The present invention also is directed at a middle distillate hydrocarbon fuel boiling in the range of about 160° C. to about 400° C., comprising at least about 3 weight percent oxygenated aromatic compounds, preferably at least 5 weight percent oxygenated aromatic compounds and more preferably at least about 10 weight percent oxygenated aromatic compounds.
The present invention also comprises a middle distillate fuel boiling in the range of about 160° C. and 400° C. comprising between about 0.5 and about 75 weight percent alkylaromatics and/or hydroaromatics, preferably between about 2 and about 50 weight percent alkylaromatics and/or hydroaromatics, and more preferably between about 5 and about 30 weight percent alkylaromatics and/or hydroaromatics.
The present invention also comprises a middle distillate fuel boiling in the range of about 160° C. and about 400° C. comprising at least about 0.5 weight percent, preferably at least about 1 weight percent, alkylaromatic oxygenated compounds. The fuel may comprise up to about 75 weight percent alkylaromatic oxygenated compounds.
The present invention also comprises a middle distillate fuel boiling in the range between about 160° C. and 400° C. comprising at least about 0.5 weight percent alkylaromatic and/or hydroaromatic compounds oxygenated at the benzylic carbon position, preferably at least about 2 weight percent alkylaromatics and/or hydroaromatics oxygenated at the benzylic carbon position and more preferably at least 5 weight percent alkylaromatics oxygenated at the benzylic carbon position. The fuel preferably comprises between about 0.5 and about 75 weight percent alkylaromatics and/or hydroaromatics oxygenated at the benzylic carbon position.

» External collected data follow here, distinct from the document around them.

Lemma conez_shift : conez t -> conez u -> conez T.
Proof.
move=> t_cone u_cone i j; rewrite fz_shift gz_shift.
by apply: lerD; [exact: t_cone | apply: ler_wMn2r; exact: u_cone].
Qed.

End Shift.

Definition norm1 (t : pt6) : nat :=
  (`|l1 t| + `|l2 t| + `|m1 t| + `|m2 t| + `|n1 t| + `|n2 t| + `|omegaz t|)%N.

Lemma fz_norm1 p t : (`|fz p t| <= norm1 t)%N.
Proof. by rewrite /fz /norm1; case: p => [[|[|[|//]]] ?] /=; lia. Qed.

Lemma gz_norm1 q t : (`|gz q t| <= norm1 t)%N.
Proof. by rewrite /gz /norm1; case: q => [[|[|[|[|[|[|//]]]]]] ?] /=; lia. Qed.

Lemma argmin_shift_stable (I : Type) (x y : I -> int) (S k : nat) p :
  (forall i, `|x i| <= S)%N -> (2 * S < k)%N ->
  (forall i, x p + y p *+ k <= x i + y i *+ k) -> forall i, y p <= y i.
Proof.
move=> x_le_S k_gt p_min i; rewrite leNgt; apply/negP => y_lt.
have : (y i + 1) *+ k <= y p *+ k by apply: ler_wMn2r; lia.
by rewrite mulrnDl; have := p_min i; have := x_le_S i; have := x_le_S p; lia.
Qed.

Lemma optz_shift {t u k p q} : inLambda t -> inLambda u -> (2 * norm1 t < k)%N ->
  optz p q (addpt t (scalept k u)) -> optz p q u.
Proof.
move=> t_lambda u_lambda k_gt [p_min q_max]; split.
  apply: (@argmin_shift_stable _ (fz^~ t) _ (norm1 t) k) => // [i|i].
    exact: fz_norm1.
  by rewrite -!fz_shift //; exact: p_min.
move=> q'; rewrite -lerN2.
apply: (@argmin_shift_stable _ (fun j => - gz j t) (fun j => - gz j u) (norm1 t) k) => // j.
  by rewrite abszN; exact: gz_norm1.
by rewrite !mulNrn -!opprD lerN2 -!gz_shift //; exact: q_max.
Qed.

Lemma c_shift {t u k} : inLambda t -> inLambda u -> conez t -> c u = 1 -> (2 * norm1 t < k)%N ->
  (exists p q, optz p q u /\ c (addpt t (scalept k u)) = 1 + (fz p t - gz q t)) /\
  (forall p q, optz p q u -> c (addpt t (scalept k u)) <= 1 + (fz p t - gz q t)).
Proof.
move=> t_lambda u_lambda t_cone c_u k_gt.
have u_cone : conez u by apply: conez_c_neq0; rewrite ?c_u.
have tight p q : optz p q u -> fz p u = gz q u.
  by move=> /(c_optz u_lambda u_cone); rewrite c_u; lia.
have T_lambda := inLambda_shift t u k t_lambda u_lambda.
have T_cone := conez_shift t u k t_lambda u_lambda t_cone u_cone.
have [ps [qs opt_T]] := exists_optz (addpt t (scalept k u)).
have opt_u := optz_shift t_lambda u_lambda k_gt opt_T.
rewrite (c_optz T_lambda T_cone opt_T) !fz_shift // !gz_shift // (tight _ _ opt_u).
split; first by exists ps, qs; split; last ring.
move=> p q [p_u q_u]; have [ps_min qs_max] := opt_T; have [ps_u qs_u] := opt_u.
have f_pu : fz p u = fz ps u by apply/eqP; rewrite eq_le ps_u p_u.
have g_qu : gz q u = gz qs u by apply/eqP; rewrite eq_le qs_u q_u.
have := ps_min p; have := qs_max q.
by rewrite !fz_shift // !gz_shift // f_pu g_qu (tight _ _ opt_u); lia.
Qed.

The present invention further is directed at a middle distillate fuel boiling in the range between about 160° C. and about 400° C. comprising at least about 0.5 weight percent, preferably at least about 1 weight percent of aromatic oxygenated compounds selected from the group consisting of alcohols, ketones, ethers and aldehydes and mixtures thereof. The fuel may comprise up to about 75 weight percent of these aromatic oxygenated compounds.
The present invention also is directed at a middle distillate hydrocarbon fuel boiling between about 160° C. and about 400° C., having an improved cetane number comprising an oxygenated fraction selected from the group consisting of oxygenated light cat cycle oil, oxygenated light cat heating oil, oxygenated coker liquid and mixtures thereof. The oxygenated fraction preferably comprises at least 3 weight percent of the total hydrocarbon fuel.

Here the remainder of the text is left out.